+++ Exercise materials +++

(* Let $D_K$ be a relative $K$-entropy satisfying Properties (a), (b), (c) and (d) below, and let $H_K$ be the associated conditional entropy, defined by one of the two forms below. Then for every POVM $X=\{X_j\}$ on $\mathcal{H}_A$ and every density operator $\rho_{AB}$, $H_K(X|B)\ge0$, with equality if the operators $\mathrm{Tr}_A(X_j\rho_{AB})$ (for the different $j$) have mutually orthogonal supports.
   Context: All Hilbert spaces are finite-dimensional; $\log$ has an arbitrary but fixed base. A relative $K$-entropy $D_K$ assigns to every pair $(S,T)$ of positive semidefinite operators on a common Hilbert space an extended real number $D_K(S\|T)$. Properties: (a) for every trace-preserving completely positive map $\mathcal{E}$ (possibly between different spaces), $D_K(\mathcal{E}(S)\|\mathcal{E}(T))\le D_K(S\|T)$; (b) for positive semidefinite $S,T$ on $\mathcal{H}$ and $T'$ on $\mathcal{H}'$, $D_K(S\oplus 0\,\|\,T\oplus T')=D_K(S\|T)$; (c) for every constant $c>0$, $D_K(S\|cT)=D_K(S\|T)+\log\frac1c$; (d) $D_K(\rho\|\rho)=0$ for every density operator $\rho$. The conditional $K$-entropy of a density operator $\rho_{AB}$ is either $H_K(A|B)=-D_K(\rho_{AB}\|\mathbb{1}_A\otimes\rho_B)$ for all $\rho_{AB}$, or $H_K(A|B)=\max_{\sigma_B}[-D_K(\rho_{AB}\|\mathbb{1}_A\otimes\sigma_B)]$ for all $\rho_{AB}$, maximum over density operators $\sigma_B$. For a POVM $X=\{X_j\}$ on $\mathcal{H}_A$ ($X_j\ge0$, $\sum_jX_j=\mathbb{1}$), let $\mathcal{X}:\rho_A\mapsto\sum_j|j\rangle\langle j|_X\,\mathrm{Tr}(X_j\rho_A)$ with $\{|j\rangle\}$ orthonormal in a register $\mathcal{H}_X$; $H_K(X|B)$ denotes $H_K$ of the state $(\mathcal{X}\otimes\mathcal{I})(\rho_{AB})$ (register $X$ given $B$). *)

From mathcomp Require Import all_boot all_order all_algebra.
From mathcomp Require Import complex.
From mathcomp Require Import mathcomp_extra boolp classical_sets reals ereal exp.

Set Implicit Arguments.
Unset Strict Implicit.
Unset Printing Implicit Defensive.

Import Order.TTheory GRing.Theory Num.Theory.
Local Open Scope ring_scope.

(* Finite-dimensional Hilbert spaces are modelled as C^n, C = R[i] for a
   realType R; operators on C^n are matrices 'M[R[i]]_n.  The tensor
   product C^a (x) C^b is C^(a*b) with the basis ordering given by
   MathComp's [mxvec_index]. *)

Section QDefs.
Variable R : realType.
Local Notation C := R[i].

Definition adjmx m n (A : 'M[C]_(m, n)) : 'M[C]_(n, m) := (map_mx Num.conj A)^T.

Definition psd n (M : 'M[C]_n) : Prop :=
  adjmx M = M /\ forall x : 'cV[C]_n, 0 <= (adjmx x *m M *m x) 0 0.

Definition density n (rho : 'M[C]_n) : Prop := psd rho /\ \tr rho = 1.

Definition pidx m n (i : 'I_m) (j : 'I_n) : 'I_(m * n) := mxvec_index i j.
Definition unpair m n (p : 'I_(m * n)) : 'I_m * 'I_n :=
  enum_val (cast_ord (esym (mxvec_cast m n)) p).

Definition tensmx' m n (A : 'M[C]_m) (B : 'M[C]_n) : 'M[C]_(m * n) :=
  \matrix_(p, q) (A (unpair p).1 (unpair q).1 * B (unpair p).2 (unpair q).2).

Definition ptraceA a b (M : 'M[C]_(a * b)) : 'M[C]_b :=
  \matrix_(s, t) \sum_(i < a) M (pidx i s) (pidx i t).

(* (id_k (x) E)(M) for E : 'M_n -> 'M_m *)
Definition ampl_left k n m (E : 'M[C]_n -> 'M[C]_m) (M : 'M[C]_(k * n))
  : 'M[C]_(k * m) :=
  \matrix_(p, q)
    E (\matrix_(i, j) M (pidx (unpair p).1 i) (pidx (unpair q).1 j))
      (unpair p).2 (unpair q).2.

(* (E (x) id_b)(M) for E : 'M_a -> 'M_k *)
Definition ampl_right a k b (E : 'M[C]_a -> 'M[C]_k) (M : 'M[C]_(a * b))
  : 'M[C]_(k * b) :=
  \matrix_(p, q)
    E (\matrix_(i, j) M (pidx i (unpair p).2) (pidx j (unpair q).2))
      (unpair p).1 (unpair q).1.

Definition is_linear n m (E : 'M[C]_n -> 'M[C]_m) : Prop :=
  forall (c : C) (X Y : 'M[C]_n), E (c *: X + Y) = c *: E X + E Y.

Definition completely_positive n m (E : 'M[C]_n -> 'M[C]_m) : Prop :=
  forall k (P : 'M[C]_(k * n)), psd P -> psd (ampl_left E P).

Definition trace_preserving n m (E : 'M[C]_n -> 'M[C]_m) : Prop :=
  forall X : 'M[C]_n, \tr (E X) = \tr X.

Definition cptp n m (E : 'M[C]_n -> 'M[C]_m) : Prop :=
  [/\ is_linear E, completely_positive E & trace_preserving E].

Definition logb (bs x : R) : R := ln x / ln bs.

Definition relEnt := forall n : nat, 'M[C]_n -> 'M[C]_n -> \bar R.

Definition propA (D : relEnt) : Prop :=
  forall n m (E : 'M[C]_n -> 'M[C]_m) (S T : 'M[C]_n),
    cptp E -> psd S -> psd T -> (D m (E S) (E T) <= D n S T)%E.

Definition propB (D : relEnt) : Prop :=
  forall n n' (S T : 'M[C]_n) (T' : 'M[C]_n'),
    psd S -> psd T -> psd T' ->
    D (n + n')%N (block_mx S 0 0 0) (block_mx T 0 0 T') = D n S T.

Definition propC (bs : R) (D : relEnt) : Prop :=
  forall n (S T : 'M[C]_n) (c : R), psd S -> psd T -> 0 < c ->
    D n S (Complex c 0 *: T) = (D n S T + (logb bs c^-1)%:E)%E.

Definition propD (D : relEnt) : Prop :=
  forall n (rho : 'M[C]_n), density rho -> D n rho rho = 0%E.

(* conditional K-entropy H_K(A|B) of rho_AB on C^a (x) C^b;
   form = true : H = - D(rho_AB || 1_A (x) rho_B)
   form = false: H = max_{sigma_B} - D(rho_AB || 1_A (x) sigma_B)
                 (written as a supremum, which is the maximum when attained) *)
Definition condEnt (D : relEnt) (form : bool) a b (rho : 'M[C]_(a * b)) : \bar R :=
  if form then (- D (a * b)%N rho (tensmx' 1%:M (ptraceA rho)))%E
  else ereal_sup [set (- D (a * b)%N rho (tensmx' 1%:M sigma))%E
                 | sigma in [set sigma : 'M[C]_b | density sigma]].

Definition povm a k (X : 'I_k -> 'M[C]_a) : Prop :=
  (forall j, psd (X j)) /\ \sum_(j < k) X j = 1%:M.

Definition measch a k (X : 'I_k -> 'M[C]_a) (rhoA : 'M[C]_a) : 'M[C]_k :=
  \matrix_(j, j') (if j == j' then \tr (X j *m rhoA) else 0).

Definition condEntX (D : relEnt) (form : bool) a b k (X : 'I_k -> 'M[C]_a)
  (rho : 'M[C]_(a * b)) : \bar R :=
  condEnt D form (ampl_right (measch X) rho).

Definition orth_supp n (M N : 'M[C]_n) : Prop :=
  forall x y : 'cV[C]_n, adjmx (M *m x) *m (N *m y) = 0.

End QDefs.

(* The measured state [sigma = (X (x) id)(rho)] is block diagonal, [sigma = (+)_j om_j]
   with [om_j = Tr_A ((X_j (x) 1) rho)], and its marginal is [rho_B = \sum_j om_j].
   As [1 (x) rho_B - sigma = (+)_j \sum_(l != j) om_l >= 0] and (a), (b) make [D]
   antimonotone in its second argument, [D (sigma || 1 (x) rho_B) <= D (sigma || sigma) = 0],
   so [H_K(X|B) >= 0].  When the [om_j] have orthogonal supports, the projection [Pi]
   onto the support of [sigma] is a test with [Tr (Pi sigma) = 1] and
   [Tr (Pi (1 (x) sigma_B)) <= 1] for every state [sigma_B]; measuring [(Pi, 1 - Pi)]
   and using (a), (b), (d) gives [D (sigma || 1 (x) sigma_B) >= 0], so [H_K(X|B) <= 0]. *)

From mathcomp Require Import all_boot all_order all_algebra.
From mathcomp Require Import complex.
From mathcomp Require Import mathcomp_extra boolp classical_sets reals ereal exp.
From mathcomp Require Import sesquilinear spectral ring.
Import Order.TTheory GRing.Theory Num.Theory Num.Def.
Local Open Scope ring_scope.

+++

### What you will do:
Word for word, restate only the lines from the one containing "antimonotone in its" through the last line of the entries, with both ends kept.

### Task result:
   antimonotone in its second argument, [D (sigma || 1 (x) rho_B) <= D (sigma || sigma) = 0],
   so [H_K(X|B) >= 0].  When the [om_j] have orthogonal supports, the projection [Pi]
   onto the support of [sigma] is a test with [Tr (Pi sigma) = 1] and
   [Tr (Pi (1 (x) sigma_B)) <= 1] for every state [sigma_B]; measuring [(Pi, 1 - Pi)]
   and using (a), (b), (d) gives [D (sigma || 1 (x) sigma_B) >= 0], so [H_K(X|B) <= 0]. *)

From mathcomp Require Import all_boot all_order all_algebra.
From mathcomp Require Import complex.
From mathcomp Require Import mathcomp_extra boolp classical_sets reals ereal exp.
From mathcomp Require Import sesquilinear spectral ring.
Import Order.TTheory GRing.Theory Num.Theory Num.Def.
Local Open Scope ring_scope.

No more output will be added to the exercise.